• **EXERCISE PROMPT**
If a line in the listing below contains the word "none", count it, then please give only the number of such lines.
____ INPUT
Lemma off_arm0_vine T : off_arm T = 0 -> T = vine (nodes T).
Proof.
elim: T => [//|[|? ?] _ r IHr] //=; rewrite add0n => off_r.
by rewrite {1}(IHr off_r).
Qed.

Lemma first_off_arm_node T :
  0 < off_arm T -> exists k x y c, T = vine_onto k (Node (Node x y) c).
Proof.
elim: T => [//|[|x y] _ r IHr] /=; last by exists 0, x, y, r.
by move=> /IHr [k [x [y [c ->]]]]; exists k.+1, x, y, c.
Qed.

Definition flat_below (i : nat) (T : tree) : Prop :=
  forall a, 0 < a < i -> leaf_exp T a = 0.

Section ReachVine.

Variables (i : nat) (idx : seq nat).
Hypotheses (i_gt0 : 0 < i) (i_in_idx : i \in idx) (idx_ge : {in idx, forall k, i <= k}).

Lemma flat_below_dRRA T T' : dRRA_defined idx T T' -> flat_below i T -> flat_below i T'.
Proof.
move=> reach flat a /andP[a_gt0 lt_ai].
have low : {in idx, forall k, a < k} by move=> k /idx_ge; apply: leq_trans.
case: (leaf_exp T' a =P 0) => // /leaf_exp_neq0P [x [y hang]].
have /leaf_exp_neq0P : exists x y, hangs_at (Node x y) a T.
  by exists x, y; apply: hangs_dRRA (dRRA_defined_sym reach) hang.
by rewrite flat ?a_gt0.
Qed.

Lemma dRRA_vine T : flat_below i T -> dRRA_defined idx T (vine (nodes T)).
Proof.
have [m] := ubnP (off_arm T); elim: m T => // m IHm T lt_Tm flat.
have [/off_arm0_vine {1}-> | off_gt0] := posnP (off_arm T); first exact: rt_refl.
have [k [x [y [c ET]]]] := first_off_arm_node off_gt0.
set T' := vine_onto k (Node x (Node y c)).
have rot : at_arm rotR k T = Some T' by rewrite ET; apply: at_arm_vine_onto.
have reach : dRRA_defined idx T T'.
  have [k0 | k_gt0] := posnP k.
    by apply: rt_step; exists k; [rewrite k0 inE | left].
  have le_ik : i <= k.
    rewrite leqNgt; apply/negP => lt_ki.
    have /leaf_exp_neq0P : exists x' y', hangs_at (Node x' y') k T.
      by exists x, y; rewrite ET; apply: hangs_at_vine_onto.
    by rewrite flat ?k_gt0.
  by apply: (@dRRA_rotR_above _ i (k - i)); rewrite ?subnKC.
have nodesT' : nodes T' = nodes T by rewrite ET !nodes_vine_onto /=; lia.
apply: (rt_trans _ _ _ _ _ reach); rewrite -nodesT'.
apply: IHm (flat_below_dRRA reach flat).
by move: lt_Tm; rewrite ET /T' !off_arm_vine_onto /=; lia.
Qed.

End ReachVine.

Lemma sorted_ltn_head_le i s : sorted ltn (i :: s) -> {in i :: s, forall k, i <= k}.
Proof.
move=> /(order_path_min ltn_trans)/allP lt_i k.
by rewrite inE => /orP[/eqP-> // | /lt_i /ltnW].
Qed.

Theorem lemma3p4 (i1 : nat) (rest : seq nat) (T1 T2 : tree) :
  0 < i1 -> sorted ltn (i1 :: rest) ->
  nodes T1 = nodes T2 -> reduced T1 T2 ->
  ((exists t, 1 <= t <= i1 - 1 /\ appears_in_word T1 T2 t) ->
     ~ dRRA_defined (i1 :: rest) T1 T2) /\
  (~ (exists t, 1 <= t <= i1 - 1 /\ appears_in_word T1 T2 t) ->
     dRRA_defined (i1 :: rest) T1 T2).
Proof.
move=> i1_gt0 /sorted_ltn_head_le idx_ge same_nodes red.
have i1_in : i1 \in i1 :: rest by rewrite inE eqxx.
split=> [[t [t_low app]] | none].
  apply: low_generator_dRRA_undefined red _ _ app; first by lia.
  by move=> k /idx_ge; apply: leq_trans; lia.
have flat T : (forall t, leaf_exp T t <> 0 -> appears_in_word T1 T2 t) ->
    flat_below i1 T.
  move=> app t t_low; case: (leaf_exp T t =P 0) => // /app app_t.
  by case: none; exists t; split; [lia | ].
have reach1 := dRRA_vine i1_gt0 i1_in idx_ge (flat T1 (fun _ => @or_intror _ _)).
have reach2 := dRRA_vine i1_gt0 i1_in idx_ge (flat T2 (fun _ => @or_introl _ _)).
by apply: (rt_trans _ _ _ _ _ reach1); rewrite same_nodes; apply: dRRA_defined_sym.
Qed.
________
• **SOLUTION FOR THIS EXERCISE**
2